GIVEN DATA START

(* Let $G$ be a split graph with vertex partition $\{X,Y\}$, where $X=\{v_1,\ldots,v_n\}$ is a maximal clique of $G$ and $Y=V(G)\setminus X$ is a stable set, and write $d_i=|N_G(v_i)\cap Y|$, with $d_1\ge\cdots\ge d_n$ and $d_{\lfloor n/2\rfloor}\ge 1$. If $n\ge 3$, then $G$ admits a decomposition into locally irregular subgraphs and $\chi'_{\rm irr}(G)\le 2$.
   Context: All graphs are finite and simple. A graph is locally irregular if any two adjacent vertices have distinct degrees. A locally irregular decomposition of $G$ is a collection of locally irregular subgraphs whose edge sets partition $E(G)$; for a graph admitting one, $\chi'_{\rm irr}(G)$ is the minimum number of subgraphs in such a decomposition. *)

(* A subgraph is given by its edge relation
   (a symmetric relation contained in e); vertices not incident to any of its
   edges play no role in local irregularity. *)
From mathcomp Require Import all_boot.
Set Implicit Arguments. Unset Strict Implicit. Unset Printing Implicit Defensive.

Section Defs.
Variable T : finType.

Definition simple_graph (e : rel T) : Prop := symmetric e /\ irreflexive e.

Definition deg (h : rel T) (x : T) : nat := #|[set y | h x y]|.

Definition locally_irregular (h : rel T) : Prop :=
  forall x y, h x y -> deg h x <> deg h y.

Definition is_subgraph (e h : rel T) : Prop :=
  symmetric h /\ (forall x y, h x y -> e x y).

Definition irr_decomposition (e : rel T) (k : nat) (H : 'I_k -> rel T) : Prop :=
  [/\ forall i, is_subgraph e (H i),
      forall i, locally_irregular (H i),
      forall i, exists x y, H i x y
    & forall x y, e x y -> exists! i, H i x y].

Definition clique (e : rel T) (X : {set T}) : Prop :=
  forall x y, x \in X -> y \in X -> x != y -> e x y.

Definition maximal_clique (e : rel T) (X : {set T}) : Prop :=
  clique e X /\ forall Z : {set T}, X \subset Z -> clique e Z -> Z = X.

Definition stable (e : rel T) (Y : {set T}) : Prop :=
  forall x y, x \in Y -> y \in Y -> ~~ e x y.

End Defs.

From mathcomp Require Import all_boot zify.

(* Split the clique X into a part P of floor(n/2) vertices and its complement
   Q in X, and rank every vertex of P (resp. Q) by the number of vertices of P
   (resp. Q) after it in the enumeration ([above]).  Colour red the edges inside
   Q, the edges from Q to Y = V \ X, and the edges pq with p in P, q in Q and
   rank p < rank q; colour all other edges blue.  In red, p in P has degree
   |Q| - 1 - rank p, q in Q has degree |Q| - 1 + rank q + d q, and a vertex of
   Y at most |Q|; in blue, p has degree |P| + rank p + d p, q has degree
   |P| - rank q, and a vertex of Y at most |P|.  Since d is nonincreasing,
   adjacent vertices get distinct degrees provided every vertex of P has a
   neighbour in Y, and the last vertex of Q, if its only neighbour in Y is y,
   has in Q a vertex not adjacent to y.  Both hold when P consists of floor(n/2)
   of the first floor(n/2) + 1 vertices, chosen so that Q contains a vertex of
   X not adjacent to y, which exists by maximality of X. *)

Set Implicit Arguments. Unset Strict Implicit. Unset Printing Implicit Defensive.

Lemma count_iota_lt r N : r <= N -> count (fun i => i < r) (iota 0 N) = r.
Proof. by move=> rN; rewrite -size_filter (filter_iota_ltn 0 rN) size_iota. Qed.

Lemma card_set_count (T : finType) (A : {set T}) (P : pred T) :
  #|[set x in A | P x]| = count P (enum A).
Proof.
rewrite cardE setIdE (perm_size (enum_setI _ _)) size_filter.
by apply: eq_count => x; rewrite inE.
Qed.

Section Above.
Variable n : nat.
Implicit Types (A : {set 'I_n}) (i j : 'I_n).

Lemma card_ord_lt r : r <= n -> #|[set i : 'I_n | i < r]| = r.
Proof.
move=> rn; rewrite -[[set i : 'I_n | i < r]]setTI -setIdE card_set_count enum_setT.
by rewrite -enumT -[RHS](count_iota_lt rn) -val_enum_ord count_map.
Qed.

GIVEN DATA END

- [ABOUT THIS EXERCISE]: In the records above, find the line containing "Section Above."; please retype it and every line after it through the last line, exactly and with nothing else.

- [RESPONSE BELOW]:
Section Above.
Variable n : nat.
Implicit Types (A : {set 'I_n}) (i j : 'I_n).

Lemma card_ord_lt r : r <= n -> #|[set i : 'I_n | i < r]| = r.
Proof.
move=> rn; rewrite -[[set i : 'I_n | i < r]]setTI -setIdE card_set_count enum_setT.
by rewrite -enumT -[RHS](count_iota_lt rn) -val_enum_ord count_map.
Qed.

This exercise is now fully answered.